From Heikki Linnakangas
Subject Re: Unlogged relation copy is not fsync'd
Date
Msg-id 58effc10-c160-b4a6-4eb7-384e95e6f9e3@iki.fi
Whole thread Raw
In response to Re: Unlogged relation copy is not fsync'd  (Robert Haas <robertmhaas@gmail.com>)
Responses Re: Unlogged relation copy is not fsync'd
Re: Unlogged relation copy is not fsync'd
List pgsql-hackers
On 05/09/2023 21:20, Robert Haas wrote:
> In other words, somehow it feels like we ought to be trying to defer
> the fsync here until a clean shutdown actually occurs, instead of
> performing it immediately.

+1

> Admittedly, the bookkeeping seems like a problem, so maybe this is
> the best we can do, but it's clearly worse than what we do in other
> cases.
I think we can do it, I have been working on a patch along those lines 
on the side. But I want to focus on a smaller, backpatchable fix in this 
thread.


Thinking about this some more, I think this is still not 100% correct, 
even with the patch I posted earlier:

>     /*
>      * When we WAL-logged rel pages, we must nonetheless fsync them.  The
>      * reason is that since we're copying outside shared buffers, a CHECKPOINT
>      * occurring during the copy has no way to flush the previously written
>      * data to disk (indeed it won't know the new rel even exists).  A crash
>      * later on would replay WAL from the checkpoint, therefore it wouldn't
>      * replay our earlier WAL entries. If we do not fsync those pages here,
>      * they might still not be on disk when the crash occurs.
>      */
>     if (use_wal || relpersistence == RELPERSISTENCE_UNLOGGED)
>         smgrimmedsync(dst, forkNum);

Let's walk through each case one by one:

1. Temporary table. No fsync() needed. This is correct.

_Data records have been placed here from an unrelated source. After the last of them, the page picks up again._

(* Let $Q:\mathbb{R}_{\ge0}\to\overline{\mathcal Q}_n$ be Riemann-integrable and sufficiently exciting. Then every solution of the linear system $\dot x=-Q_tx$ satisfies $\lim_{t\to\infty}x(t)=0$.
   Context: $\sigma_{\min}$ smallest singular value; $\mathcal Q_n$ symmetric positive semidefinite $n\times n$ matrices; $\overline{\mathcal Q}_n=\{R\in\mathcal Q_n:|R|\le1\}$ with $|\cdot|$ the induced 2-norm. Let $\delta(\varepsilon,T):=\min\{\varepsilon/2,\varepsilon^3/(240T^5)\}$. $Q:\mathbb{R}_{\ge0}\to\mathcal Q_n$ is sufficiently exciting if there is a sequence $(\varepsilon_i,T_i)_{i\ge1}$ of pairs of positive reals with $\sigma_{\min}\big(\int_{t_i}^{t_i+T_i}Q_t\,dt\big)\ge\varepsilon_i$, where $t_1=0$, $t_i=\sum_{j<i}T_j$, and $\sum_{i=1}^\infty\delta(\varepsilon_i,T_i)=\infty$. *)

From Stdlib Require Import Reals.
From Coquelicot Require Import Coquelicot.
From mathcomp Require Import all_boot all_algebra.
From mathcomp Require Import Rstruct.

Set Implicit Arguments.
Unset Strict Implicit.
Unset Printing Implicit Defensive.

Local Open Scope R_scope.

Definition sqnorm2 (n : nat) (v : 'cV[R]_n) : R :=
  \big[Rplus/0]_(i < n) (v i ord0 * v i ord0).

Definition norm2 (n : nat) (v : 'cV[R]_n) : R := sqrt (sqnorm2 v).

Definition psd_sym (n : nat) (M : 'M[R]_n) : Prop :=
  trmx M = M /\ forall v : 'cV[R]_n, 0 <= ((mulmx (mulmx (trmx v) M) v) ord0 ord0).

Definition opnorm_le1 (n : nat) (M : 'M[R]_n) : Prop :=
  forall v : 'cV[R]_n, norm2 (mulmx M v) <= norm2 v.

Definition Qbar (n : nat) (M : 'M[R]_n) : Prop := psd_sym M /\ opnorm_le1 M.

(* smallest singular value: sigma_min M = inf_{|v| = 1} |M v|
   (as an extended real; for n = 0 the infimum of the empty set is +oo) *)
Definition sigma_min (n : nat) (M : 'M[R]_n) : Rbar :=
  Glb_Rbar (fun r => exists v : 'cV[R]_n, norm2 v = 1 /\ r = norm2 (mulmx M v)).

Definition mx_RInt (n : nat) (Q : R -> 'M[R]_n) (a b : R) : 'M[R]_n :=
  \matrix_(i < n, j < n) RInt (fun t => Q t i j) a b.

2. Unlogged rel, main fork. Needs to be fsync'd, because we skipped WAL, 
and also because we bypassed the buffer manager. Correct.

3. Unlogged rel, init fork. Needs to be fsync'd, even though we 
WAL-logged it, because we bypassed the buffer manager. Like the comment 
explains. This is now correct with the patch.

4. Permanent rel, use_wal == true. Needs to be fsync'd, even though we 
WAL-logged it, because we bypassed the buffer manager. Like the comment 
explains. Correct.

5. Permanent rel, use_wal == false. We skip fsync, because it means that 
it's a new relation, so we have a sync request pending for it. (An 
assertion for that would be nice). At the end of transaction, in 
smgrDoPendingSyncs(), we will either fsync it or we will WAL-log all the 
pages if it was a small relation. I believe this is *wrong*. If 
smgrDoPendingSyncs() decides to WAL-log the pages, we have the same race 
condition that's explained in the comment, because we bypassed the 
buffer manager:

1. RelationCopyStorage() copies some of the pages.
2. Checkpoint happens, which fsyncs the relation (smgrcreate() 
registered a dirty segment when the relation was created)
3. RelationCopyStorage() copies the rest of the pages.
4. smgrDoPendingSyncs() WAL-logs all the pages.
5. Another checkpoint happens. It does *not* fsync the relation.
6. Crash.

WAL replay will not see the WAL-logged pages, because they were 
WAL-logged before the last checkpoint. And the contents were not fsync'd 
either.

In other words, we must do smgrimmedsync() here for permanent relations, 
even if use_wal==false, because we bypassed the buffer manager. Same 
reason we need to do it with use_wal==true.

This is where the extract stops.